Gamma and neutron imaging could be higher quality imaging options than existing techniques like X-ray and computed tomography, while delivering safety levels on par with conventional imaging, according to a study in the June issue of Medical Physics.
The advantage of such new techniques--neutron-stimulated computed tomography and gamma-stimulated emission computed tomography--is that they hold the potential to help detect cancer earlier without having to perform an invasive biopsy, according to researchers led by Anuj Kapadia, an assistant professor of radiology at Duke University School of Medicine.
Conventional imaging modalities like X-ray and CT are used to detect the size and shape of an targeted anatomy; when used to detect cancer, tumors have to be large enough to be detected so that a biopsy can be performed.

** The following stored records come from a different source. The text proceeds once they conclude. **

(* Let $0<\underline b\le\bar b<\infty$ and $0<\underline\theta\le\bar\theta<\infty$. There exists a constant $C>0$ depending only on $\nu,\underline b,\bar b,\underline\theta,\bar\theta$ such that for all $\delta\in(0,1]$, $b\in[\underline b,\bar b]$, $\theta\in[\underline\theta,\bar\theta]$ and $\lambda\in[-\pi,\pi]$: $$a^*_{b,\delta\theta}(\lambda)\le a^\delta_{b,\theta}(\lambda)\le a^*_{b,\delta\theta}(\lambda)+C\delta^{2\nu},\qquad a^\delta_{b,\theta}(\lambda)\le C\,g^*_{\nu,\delta\theta}(\lambda).$$
   Context: Fix $\nu\ge1/2$. For $\alpha>0$, $\omega\in\mathbb R$ let $g^*_{\nu,\alpha}(\omega)=C_\nu\alpha^{2\nu}(\alpha^2+\omega^2)^{-(\nu+1/2)}$ with $C_\nu=\Gamma(\nu+\frac12)/(\sqrt\pi\,\Gamma(\nu))$. For $\delta,\theta>0$ and $\lambda\in[-\pi,\pi]$ let $g^\delta_{\nu,\theta}(\lambda)=\sum_{k\in\mathbb Z}g^*_{\nu,\delta\theta}(\lambda+2k\pi)$. For $b>0$: $a^\delta_{b,\theta}=\dfrac{b\,g^\delta_{\nu,\theta}}{b\,g^\delta_{\nu,\theta}+(2\pi)^{-1}}$ and $a^*_{b,\alpha}=\dfrac{b\,g^*_{\nu,\alpha}}{b\,g^*_{\nu,\alpha}+(2\pi)^{-1}}$. *)

From Stdlib Require Import Reals Lra Lia ZArith ClassicalEpsilon.
Open Scope R_scope.

(* Euler's Gamma function via Gauss's limit formula:
   Gamma x = lim_n n! n^x / (x (x+1) ... (x+n)),  for x > 0. *)
Definition gauss_seq (x : R) (n : nat) : R :=
  INR (fact n) * Rpower (INR n) x / prod_f_R0 (fun k => x + INR k) n.

Definition Gamma (x : R) : R :=
  epsilon (inhabits 0) (fun g => Un_cv (gauss_seq x) g).

(* Sum over k in Z, taken as the limit of symmetric partial sums
   sum_{|k| <= n} f k (all summands here are nonnegative). *)
Definition sumZ (f : Z -> R) : R :=
  epsilon (inhabits 0) (fun l =>
    infinite_sum
      (fun n => match n with
                | O => f 0%Z
                | S _ => f (Z.of_nat n) + f (- Z.of_nat n)%Z
                end) l).

Definition C_nu (nu : R) : R := Gamma (nu + /2) / (sqrt PI * Gamma nu).

Definition gstar (nu alpha omega : R) : R :=
  C_nu nu * Rpower alpha (2 * nu)
  * Rpower (alpha ^ 2 + omega ^ 2) (- (nu + /2)).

One question that needs answering, the researchers noted, was the safety levels associated with gamma and neutron radiation. Using detailed simulations, it was estimated that the amount of radiation delivered to the liver and breast using both imaging techniques, and found that most radiation was delivered directly to the targeted organ. They also found that a much lower dose of radiation was absorbed by tissue outside of the targeted area.
In the simulated breast scans, the dose to the breast accounted for 96 percent of the radiation in neutron scans and 99 percent in gamma scans, with the heart and lungs receiving less than 1 percent of the radiation dose.
The results weren't as promising for liver scans. The researchers found that the neutron scan was able to deliver he highest radiation dose to the liver, but that with gamma scans the stomach wall absorbed most of the radiation.
"The results show that despite the use of a highly scattering particle such as a neutron, the dose from neutron imaging is on par with other clinical imaging techniques such as X-ray CT," Kapadia said in an announcement. "Neutron and gamma radiation may become viable imaging alternatives if further testing proves them to be safe and effective."